▶ **WHAT TO PRODUCE**
Every line of the entries below that mentions "transitivity" is to be copied out.
Start of Block
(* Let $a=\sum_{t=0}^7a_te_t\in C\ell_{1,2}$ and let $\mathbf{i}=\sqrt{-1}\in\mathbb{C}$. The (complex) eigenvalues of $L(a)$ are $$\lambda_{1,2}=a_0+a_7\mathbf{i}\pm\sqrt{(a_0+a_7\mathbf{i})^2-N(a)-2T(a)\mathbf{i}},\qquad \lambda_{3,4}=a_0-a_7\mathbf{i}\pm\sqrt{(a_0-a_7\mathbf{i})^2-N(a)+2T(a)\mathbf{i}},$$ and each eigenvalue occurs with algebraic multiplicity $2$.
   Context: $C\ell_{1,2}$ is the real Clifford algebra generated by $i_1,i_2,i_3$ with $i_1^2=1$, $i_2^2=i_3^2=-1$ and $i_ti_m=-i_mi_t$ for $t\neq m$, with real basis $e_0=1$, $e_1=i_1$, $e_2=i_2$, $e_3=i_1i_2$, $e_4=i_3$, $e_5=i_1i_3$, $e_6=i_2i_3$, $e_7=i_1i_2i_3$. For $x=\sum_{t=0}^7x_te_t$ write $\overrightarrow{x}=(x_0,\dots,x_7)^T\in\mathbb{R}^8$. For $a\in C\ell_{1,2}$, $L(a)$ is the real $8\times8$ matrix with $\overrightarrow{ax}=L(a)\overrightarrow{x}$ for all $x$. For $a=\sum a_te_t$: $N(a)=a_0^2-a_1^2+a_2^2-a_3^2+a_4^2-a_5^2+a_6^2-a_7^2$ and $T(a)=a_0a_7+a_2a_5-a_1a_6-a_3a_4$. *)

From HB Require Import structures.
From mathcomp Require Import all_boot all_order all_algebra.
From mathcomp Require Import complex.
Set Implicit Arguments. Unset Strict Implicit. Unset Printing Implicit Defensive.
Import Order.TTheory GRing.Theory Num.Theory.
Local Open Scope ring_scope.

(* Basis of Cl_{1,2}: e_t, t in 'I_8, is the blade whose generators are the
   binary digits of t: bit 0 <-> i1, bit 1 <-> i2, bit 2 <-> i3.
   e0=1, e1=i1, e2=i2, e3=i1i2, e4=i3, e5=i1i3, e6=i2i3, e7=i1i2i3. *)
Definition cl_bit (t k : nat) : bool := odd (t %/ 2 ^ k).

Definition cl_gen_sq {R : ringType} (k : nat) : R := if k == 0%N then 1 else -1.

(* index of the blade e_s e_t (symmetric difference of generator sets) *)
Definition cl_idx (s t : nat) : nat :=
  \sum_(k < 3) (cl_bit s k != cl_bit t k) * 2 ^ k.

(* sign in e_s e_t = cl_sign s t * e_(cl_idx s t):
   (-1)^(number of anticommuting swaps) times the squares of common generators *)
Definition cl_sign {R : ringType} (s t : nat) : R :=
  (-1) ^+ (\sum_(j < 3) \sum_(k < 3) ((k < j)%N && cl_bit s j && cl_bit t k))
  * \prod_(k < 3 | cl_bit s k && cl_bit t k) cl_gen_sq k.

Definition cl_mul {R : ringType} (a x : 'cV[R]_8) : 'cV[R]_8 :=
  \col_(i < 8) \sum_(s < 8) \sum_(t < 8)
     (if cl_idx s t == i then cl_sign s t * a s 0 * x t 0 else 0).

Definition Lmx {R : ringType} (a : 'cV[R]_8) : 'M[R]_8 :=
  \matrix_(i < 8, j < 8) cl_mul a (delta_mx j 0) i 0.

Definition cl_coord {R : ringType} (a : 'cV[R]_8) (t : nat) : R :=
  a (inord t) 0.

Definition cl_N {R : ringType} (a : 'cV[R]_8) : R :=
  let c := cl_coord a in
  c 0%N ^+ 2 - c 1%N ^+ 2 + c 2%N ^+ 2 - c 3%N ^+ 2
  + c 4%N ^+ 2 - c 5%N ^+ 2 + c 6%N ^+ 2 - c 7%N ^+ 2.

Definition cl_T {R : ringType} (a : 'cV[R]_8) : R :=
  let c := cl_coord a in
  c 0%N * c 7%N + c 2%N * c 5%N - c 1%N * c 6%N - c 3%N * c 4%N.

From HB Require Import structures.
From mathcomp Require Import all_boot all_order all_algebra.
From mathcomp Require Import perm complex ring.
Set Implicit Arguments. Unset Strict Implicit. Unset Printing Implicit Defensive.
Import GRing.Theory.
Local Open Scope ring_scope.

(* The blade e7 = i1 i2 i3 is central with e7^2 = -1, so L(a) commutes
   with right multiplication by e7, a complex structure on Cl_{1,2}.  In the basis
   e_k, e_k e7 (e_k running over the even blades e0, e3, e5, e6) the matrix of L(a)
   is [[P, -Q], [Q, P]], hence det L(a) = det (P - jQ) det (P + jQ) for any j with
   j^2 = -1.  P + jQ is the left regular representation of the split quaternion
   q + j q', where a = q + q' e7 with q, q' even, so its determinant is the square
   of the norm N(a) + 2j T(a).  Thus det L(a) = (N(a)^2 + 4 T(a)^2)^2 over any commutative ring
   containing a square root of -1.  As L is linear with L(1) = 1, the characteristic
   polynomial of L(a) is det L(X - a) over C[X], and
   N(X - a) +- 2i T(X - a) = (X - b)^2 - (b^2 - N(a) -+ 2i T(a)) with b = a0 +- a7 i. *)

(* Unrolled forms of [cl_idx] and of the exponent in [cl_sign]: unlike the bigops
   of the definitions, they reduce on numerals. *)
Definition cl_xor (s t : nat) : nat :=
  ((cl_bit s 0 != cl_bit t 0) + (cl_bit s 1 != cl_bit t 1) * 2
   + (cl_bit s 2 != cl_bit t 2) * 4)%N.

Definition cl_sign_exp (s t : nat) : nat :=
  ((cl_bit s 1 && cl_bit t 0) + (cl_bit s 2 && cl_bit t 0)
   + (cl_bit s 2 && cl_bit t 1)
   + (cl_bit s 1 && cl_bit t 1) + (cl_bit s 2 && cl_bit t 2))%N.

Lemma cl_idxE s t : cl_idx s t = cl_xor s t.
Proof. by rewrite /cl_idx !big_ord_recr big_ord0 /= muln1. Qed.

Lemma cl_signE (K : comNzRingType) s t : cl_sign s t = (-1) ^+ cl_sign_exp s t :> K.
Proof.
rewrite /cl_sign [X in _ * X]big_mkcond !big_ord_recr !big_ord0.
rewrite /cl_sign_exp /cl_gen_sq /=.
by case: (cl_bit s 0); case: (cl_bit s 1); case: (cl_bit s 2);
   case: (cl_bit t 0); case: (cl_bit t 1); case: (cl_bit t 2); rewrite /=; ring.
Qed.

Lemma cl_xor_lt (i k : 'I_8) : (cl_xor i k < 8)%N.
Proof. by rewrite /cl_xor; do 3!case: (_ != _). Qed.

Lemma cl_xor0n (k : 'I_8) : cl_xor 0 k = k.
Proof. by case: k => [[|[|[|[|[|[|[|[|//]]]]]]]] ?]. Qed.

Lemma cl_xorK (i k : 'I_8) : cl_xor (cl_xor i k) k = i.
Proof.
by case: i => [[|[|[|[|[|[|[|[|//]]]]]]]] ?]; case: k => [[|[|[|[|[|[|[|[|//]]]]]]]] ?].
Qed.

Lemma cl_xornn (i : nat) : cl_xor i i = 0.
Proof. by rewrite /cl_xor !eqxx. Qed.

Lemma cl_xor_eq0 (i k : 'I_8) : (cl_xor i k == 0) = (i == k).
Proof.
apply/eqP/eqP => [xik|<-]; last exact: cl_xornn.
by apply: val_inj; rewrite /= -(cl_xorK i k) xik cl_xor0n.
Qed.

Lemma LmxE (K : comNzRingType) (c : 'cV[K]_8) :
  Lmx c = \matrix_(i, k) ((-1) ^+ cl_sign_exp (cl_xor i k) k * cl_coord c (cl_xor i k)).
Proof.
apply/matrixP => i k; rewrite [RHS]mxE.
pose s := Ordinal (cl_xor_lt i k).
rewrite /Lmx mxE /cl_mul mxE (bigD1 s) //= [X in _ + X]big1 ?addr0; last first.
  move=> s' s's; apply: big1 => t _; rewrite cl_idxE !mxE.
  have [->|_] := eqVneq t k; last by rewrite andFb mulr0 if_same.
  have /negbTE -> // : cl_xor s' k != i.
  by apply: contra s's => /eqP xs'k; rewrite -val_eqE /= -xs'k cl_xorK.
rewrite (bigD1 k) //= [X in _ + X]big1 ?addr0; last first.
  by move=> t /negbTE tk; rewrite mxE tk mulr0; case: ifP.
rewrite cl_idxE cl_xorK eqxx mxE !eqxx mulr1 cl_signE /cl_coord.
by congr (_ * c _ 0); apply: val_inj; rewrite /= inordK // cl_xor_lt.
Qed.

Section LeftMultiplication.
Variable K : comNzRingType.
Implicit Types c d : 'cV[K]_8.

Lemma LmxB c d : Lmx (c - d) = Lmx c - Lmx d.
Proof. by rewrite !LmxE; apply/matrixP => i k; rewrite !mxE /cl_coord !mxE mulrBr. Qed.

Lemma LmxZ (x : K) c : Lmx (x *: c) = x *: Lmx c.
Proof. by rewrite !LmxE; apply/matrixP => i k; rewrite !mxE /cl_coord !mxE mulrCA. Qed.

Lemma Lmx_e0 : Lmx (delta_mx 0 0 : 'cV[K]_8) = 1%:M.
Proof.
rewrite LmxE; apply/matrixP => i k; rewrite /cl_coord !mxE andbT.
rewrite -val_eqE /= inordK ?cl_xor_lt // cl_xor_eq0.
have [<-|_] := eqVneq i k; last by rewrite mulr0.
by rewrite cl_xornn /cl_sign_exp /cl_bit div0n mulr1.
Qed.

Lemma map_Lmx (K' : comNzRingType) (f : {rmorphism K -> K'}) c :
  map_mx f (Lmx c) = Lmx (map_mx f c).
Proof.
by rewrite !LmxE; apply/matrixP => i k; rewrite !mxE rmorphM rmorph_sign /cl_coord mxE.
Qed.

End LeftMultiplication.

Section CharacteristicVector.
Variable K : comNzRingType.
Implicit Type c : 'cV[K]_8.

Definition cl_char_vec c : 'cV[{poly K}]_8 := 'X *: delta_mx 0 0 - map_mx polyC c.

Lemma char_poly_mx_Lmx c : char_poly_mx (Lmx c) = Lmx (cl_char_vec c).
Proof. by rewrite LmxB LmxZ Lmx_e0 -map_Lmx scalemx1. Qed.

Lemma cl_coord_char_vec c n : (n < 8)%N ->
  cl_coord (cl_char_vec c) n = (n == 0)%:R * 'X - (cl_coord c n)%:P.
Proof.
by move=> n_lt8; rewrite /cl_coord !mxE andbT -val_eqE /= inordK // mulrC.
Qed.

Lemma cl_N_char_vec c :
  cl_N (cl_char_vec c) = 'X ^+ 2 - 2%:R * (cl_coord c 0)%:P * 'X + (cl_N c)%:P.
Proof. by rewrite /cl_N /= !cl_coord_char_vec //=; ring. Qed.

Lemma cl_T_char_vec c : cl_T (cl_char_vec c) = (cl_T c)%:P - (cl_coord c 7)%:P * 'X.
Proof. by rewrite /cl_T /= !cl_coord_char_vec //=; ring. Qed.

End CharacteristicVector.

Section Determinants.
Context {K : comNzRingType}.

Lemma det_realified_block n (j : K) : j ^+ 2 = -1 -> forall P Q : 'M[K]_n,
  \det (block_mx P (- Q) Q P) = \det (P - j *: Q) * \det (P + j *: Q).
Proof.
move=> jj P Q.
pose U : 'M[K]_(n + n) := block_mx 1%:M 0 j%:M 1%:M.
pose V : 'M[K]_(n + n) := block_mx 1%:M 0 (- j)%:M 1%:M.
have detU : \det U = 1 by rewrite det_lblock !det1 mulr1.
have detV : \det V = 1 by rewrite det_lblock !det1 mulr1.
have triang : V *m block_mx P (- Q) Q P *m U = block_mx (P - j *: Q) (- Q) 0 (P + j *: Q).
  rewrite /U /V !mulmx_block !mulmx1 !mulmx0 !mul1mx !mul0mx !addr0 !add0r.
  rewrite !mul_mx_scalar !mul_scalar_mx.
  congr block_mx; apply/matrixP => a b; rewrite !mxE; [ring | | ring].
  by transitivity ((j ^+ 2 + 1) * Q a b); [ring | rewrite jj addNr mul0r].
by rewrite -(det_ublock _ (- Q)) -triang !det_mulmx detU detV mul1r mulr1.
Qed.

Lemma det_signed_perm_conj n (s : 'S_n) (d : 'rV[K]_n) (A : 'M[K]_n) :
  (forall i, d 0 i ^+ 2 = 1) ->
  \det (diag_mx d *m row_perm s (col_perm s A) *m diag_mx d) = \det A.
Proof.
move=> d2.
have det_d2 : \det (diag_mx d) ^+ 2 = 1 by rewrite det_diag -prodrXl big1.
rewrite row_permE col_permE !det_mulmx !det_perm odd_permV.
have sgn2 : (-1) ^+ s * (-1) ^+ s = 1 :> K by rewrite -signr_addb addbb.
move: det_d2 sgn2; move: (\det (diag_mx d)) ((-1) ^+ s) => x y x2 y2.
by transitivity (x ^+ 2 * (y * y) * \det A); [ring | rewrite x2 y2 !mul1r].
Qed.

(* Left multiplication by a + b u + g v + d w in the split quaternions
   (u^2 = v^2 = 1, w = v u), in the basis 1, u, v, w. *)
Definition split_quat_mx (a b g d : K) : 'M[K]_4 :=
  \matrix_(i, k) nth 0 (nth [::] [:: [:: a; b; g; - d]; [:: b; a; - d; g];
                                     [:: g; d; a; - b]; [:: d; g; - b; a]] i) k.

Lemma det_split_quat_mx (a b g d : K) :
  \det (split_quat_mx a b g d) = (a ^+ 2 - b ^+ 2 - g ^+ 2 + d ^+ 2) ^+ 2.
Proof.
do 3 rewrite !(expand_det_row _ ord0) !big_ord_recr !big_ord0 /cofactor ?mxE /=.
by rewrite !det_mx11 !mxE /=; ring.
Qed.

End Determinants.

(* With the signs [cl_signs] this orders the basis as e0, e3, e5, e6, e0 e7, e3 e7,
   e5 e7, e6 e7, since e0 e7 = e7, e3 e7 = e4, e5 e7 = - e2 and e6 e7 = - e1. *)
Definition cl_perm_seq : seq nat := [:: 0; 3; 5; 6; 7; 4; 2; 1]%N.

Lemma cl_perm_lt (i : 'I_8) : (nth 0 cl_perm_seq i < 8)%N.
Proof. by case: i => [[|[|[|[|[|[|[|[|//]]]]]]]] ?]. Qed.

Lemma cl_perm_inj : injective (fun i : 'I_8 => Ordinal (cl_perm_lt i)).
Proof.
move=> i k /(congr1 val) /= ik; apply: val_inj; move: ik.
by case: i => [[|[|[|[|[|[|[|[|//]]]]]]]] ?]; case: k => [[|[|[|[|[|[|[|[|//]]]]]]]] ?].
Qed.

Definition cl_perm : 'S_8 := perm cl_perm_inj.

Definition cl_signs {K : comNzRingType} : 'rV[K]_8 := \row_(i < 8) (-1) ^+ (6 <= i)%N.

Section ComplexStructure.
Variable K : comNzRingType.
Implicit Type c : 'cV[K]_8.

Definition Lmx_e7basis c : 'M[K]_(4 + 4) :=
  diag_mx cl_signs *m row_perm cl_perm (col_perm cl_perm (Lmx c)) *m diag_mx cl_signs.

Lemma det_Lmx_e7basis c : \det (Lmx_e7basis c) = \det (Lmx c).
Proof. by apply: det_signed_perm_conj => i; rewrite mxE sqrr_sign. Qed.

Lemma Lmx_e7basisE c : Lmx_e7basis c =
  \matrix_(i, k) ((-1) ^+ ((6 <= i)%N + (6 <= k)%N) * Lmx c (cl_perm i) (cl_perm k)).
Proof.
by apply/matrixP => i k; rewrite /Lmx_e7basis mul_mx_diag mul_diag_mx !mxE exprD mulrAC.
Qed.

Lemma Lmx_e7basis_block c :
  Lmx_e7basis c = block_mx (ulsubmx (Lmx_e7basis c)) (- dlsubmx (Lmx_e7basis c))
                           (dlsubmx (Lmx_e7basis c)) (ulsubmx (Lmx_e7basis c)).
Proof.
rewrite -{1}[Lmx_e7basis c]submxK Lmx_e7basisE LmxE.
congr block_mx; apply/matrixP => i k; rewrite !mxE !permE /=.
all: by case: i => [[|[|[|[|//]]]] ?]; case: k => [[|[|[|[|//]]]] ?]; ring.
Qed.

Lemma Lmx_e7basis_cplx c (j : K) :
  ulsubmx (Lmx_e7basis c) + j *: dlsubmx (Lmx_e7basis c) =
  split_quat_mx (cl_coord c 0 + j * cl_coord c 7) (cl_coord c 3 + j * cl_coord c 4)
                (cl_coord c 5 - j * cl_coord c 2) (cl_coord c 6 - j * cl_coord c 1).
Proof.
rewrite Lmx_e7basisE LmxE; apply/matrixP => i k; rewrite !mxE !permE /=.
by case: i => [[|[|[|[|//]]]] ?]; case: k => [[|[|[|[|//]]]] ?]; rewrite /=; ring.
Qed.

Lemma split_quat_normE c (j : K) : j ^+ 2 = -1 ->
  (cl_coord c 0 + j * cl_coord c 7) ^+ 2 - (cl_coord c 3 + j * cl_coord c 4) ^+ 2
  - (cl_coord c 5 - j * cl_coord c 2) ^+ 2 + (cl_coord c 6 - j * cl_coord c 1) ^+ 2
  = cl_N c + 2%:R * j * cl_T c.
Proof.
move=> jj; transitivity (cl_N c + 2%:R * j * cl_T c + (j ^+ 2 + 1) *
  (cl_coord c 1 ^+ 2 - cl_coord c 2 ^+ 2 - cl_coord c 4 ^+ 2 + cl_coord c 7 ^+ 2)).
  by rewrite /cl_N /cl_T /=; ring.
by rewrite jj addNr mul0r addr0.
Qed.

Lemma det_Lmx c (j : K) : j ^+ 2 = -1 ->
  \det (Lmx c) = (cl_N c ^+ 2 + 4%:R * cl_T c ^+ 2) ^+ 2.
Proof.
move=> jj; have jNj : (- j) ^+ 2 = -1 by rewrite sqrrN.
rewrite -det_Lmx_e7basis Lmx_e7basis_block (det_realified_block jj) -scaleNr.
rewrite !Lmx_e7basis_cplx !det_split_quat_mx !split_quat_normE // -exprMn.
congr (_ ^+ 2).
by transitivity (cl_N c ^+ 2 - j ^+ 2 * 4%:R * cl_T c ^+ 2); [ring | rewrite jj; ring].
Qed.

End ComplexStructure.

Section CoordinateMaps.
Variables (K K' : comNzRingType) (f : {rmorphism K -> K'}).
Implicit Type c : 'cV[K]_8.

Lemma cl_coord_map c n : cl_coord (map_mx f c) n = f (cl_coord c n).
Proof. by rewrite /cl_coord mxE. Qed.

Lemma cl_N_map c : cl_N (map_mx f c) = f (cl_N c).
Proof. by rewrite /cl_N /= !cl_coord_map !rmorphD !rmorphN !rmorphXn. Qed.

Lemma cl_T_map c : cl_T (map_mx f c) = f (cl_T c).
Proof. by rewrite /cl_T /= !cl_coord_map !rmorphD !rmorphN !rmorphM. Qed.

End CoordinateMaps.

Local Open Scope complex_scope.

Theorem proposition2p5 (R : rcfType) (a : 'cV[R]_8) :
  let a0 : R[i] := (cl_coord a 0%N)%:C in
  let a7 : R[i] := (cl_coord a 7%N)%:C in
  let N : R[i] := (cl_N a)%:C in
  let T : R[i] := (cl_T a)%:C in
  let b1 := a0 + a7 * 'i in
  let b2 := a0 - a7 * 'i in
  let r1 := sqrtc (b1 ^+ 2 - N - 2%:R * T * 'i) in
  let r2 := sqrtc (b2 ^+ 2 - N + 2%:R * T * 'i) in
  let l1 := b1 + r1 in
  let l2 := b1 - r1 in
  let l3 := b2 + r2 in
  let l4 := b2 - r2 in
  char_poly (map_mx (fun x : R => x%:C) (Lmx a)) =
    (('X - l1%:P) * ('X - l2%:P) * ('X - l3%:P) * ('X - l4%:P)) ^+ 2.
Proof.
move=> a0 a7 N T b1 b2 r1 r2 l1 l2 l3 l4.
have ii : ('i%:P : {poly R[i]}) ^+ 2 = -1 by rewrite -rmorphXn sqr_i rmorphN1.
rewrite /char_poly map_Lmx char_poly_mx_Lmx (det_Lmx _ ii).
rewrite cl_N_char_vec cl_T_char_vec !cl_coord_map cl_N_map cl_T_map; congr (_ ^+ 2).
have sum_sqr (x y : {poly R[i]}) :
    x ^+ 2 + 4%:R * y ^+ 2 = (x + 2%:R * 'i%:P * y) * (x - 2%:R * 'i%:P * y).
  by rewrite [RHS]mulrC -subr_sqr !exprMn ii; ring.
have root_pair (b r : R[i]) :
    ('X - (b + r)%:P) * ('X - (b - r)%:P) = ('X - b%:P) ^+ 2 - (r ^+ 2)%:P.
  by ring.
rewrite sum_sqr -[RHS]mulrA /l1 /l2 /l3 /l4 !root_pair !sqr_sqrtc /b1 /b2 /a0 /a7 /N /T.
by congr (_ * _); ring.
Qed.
End of Block
Start of Block
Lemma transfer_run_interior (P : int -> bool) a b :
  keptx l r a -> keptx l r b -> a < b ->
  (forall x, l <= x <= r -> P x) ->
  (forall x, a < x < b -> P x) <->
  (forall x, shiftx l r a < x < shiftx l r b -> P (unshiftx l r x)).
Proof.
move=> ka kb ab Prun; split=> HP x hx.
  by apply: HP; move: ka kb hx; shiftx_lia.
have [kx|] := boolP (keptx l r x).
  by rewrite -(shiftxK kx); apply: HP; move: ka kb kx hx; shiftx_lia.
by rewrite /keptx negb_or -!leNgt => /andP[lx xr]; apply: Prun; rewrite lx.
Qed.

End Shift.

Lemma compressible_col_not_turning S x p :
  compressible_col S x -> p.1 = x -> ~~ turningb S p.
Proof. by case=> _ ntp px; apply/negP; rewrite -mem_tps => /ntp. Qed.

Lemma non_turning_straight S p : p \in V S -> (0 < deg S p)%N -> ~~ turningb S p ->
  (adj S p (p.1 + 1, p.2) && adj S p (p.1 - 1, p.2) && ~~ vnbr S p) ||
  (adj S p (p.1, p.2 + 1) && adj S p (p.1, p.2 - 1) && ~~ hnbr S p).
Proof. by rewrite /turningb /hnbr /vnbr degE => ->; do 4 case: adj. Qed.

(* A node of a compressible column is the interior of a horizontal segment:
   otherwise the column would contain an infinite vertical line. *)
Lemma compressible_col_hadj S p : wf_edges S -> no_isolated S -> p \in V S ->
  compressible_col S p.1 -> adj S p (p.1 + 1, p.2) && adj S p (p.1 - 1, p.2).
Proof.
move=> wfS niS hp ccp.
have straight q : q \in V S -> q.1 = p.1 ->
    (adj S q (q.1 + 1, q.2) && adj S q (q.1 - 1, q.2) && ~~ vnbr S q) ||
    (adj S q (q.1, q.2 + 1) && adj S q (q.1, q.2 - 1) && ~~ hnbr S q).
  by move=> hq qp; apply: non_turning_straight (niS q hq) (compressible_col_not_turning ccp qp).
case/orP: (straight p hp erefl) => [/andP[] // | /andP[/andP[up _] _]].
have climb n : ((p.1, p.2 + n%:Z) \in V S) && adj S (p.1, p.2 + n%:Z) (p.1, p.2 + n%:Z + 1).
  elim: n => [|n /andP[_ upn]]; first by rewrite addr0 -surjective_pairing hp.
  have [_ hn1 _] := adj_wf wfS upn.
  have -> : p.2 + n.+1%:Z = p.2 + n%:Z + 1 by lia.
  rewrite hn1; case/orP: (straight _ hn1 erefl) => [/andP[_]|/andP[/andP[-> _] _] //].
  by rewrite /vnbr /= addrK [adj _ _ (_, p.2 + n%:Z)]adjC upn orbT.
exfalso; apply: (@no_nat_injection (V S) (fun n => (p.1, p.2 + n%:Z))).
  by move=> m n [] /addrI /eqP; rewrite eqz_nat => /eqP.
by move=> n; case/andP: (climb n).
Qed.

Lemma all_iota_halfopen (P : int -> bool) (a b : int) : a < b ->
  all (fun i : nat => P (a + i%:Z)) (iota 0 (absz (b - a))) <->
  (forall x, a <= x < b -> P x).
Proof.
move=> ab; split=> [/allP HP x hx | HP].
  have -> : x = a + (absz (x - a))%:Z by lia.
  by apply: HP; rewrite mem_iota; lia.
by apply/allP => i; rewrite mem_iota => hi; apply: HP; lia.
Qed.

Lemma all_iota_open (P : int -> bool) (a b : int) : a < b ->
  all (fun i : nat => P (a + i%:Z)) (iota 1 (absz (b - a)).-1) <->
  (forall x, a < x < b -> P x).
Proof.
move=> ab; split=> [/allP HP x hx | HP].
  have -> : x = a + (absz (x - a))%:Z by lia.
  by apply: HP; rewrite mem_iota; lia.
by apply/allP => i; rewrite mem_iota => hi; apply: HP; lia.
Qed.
End of Block
▶ **SOLUTION**
  by transitivity ((j ^+ 2 + 1) * Q a b); [ring | rewrite jj addNr mul0r].
by transitivity (x ^+ 2 * (y * y) * \det A); [ring | rewrite x2 y2 !mul1r].
move=> jj; transitivity (cl_N c + 2%:R * j * cl_T c + (j ^+ 2 + 1) *
by transitivity (cl_N c ^+ 2 - j ^+ 2 * 4%:R * cl_T c ^+ 2); [ring | rewrite jj; ring].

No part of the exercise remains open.